The company’s officers said:
We are committed to our business plan of reducing debt and maintaining a strong balance sheet, while investing in financially attractive projects and providing cash returns to shareholders. We are taking measures to execute prudent capital management in an uncertain global economic environment and are committed to pursuing additional divestitures and capital cost reductions as required to maintain a strong balance sheet while preserving a strong resource position and a portfolio of assets with attractive long-term growth prospects.
Freeport-McMoRan now forecasts sales of copper in 2013 to fall from last quarter’s estimate of 4.3 billion to 4.1 billion pounds. Gold sales are now expected to total 1.1 million ounces, lower than the 1.4 million ounces forecast at the end of the first quarter. The molybdenum sales forecast rose from 90 million to 92 million pounds in 2013. The company also expects to produce 35 million barrels of oil equivalent, now that its acquisitions of Plains Exploration and McMoRan Exploration are completed.

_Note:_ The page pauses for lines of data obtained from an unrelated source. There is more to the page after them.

Theorem lemma5p3 (R : realType) :
  exists C : R, 0 < C /\
  forall (n : nat), (2 <= n)%N ->
  forall (C' c' : R), 0 < C' -> 0 < c' ->
  forall Y : R -> ('I_n -> R) -> R -> R -> ('I_n -> int),
  Y_props C' c' Y ->
  exists Pi : {set {perm 'I_n}},
    #|Pi|%:R <= C ^+ n /\
    forall (p delta s nu L : R) (x : 'I_n -> R),
      0 < p <= 1/2 -> 0 < delta <= 1/2 -> -1 <= s <= 0 -> 0 < nu <= 1 ->
      1 <= L -> Incomp delta nu x ->
      exists2 sigma, sigma \in Pi &
        let T := threshold p x L in
        let yt := fun i : 'I_n => ((Y p x L s (sigma i))%:~R : R) in
        (forall i : 'I_n, (i.+1)%:R <= delta * n%:R -> `|yt i| > nu / T - 1) /\
        (forall (j : nat) (i : 'I_n), 2 ^+ j <= delta * n%:R ->
           (i.+1)%:R > delta * n%:R / 2 ^+ j ->
           `|yt i| <= Num.sqrt (2 ^+ j.+1) / (Num.sqrt delta * T) + 1).
Proof.
exists 16; split => // n _ C' c' _ _ Y Y_spec.
have [Pi card_Pi net_Pi] := perm_net n.
exists Pi; split; first by rewrite -natrX ler_nat.
move=> p delta s nu L x p_range /andP[delta_gt0 delta_le] s_range /andP[nu_gt0 _] L_ge1 incomp_x.
have [pi x_sorted] := exists_sorting_perm (fun i => x i ^+ 2).
have dn_ge0 : 0 <= delta * n%:R := mulr_ge0 (ltW delta_gt0) (ler0n _ _).
set m := Num.truncn (delta * n%:R).
have le_mn : (m <= n)%N.
  rewrite truncn_le_nat (@le_lt_trans _ _ n%:R) ?ltr_nat // ler_piMl ?ler0n //.
  by apply: le_trans delta_le _; lra.
have [sigma sigma_Pi sigma_rank] := net_Pi (pi^-1)%g m le_mn.
exists sigma => //=; have [approx _ _ _] := Y_spec p x L s p_range s_range incomp_x.1 L_ge1.
have T_ge0 := threshold_ge0 p x L.
split => [i i_top | j i _ i_large]; have [rank_top rank_le] := sigma_rank i.
- have r_small : ((pi^-1)%g (sigma i))%:R <= delta * n%:R.
    by rewrite -truncn_ge_nat // ltnW // rank_top // truncn_ge_nat.
  have := incomp_sorted_coord_gt (ltW nu_gt0) incomp_x x_sorted r_small.
  by rewrite permKV; apply: approx_norm_gt (ler0n _ _) T_ge0 (ltW nu_gt0) (approx _).
- apply: approx_norm_le (ler0n _ _) T_ge0 delta_gt0 (approx _) _.
  have := sorted_rank_bound (fun i => sqr_ge0 (x i)) x_sorted ((pi^-1)%g (sigma i)).
  rewrite permKV (unit_vec_sum_sqr incomp_x.1) => rank_bound.
  rewrite [2 ^+ j.+1]exprS; apply: (dyadic_sq_bound _ (sqr_ge0 _) rank_bound _ i_large).
  - exact: exprn_gt0.
  - by rewrite -natrM ler_nat.
Qed.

Net cash costs per pound of copper rose from $1.49 a year ago to $1.85 in the second quarter, based on current sales volumes and a price of $1,300 an ounce for gold and $10 a pound for molybdenum.
Shares are up about 2.1% at $29.77 in premarket trading this morning, in a 52-week range of $26.37 to $43.65. Prior to today’s release, Thomson/Reuters had a consensus price target of around $36.10 on the company’s shares.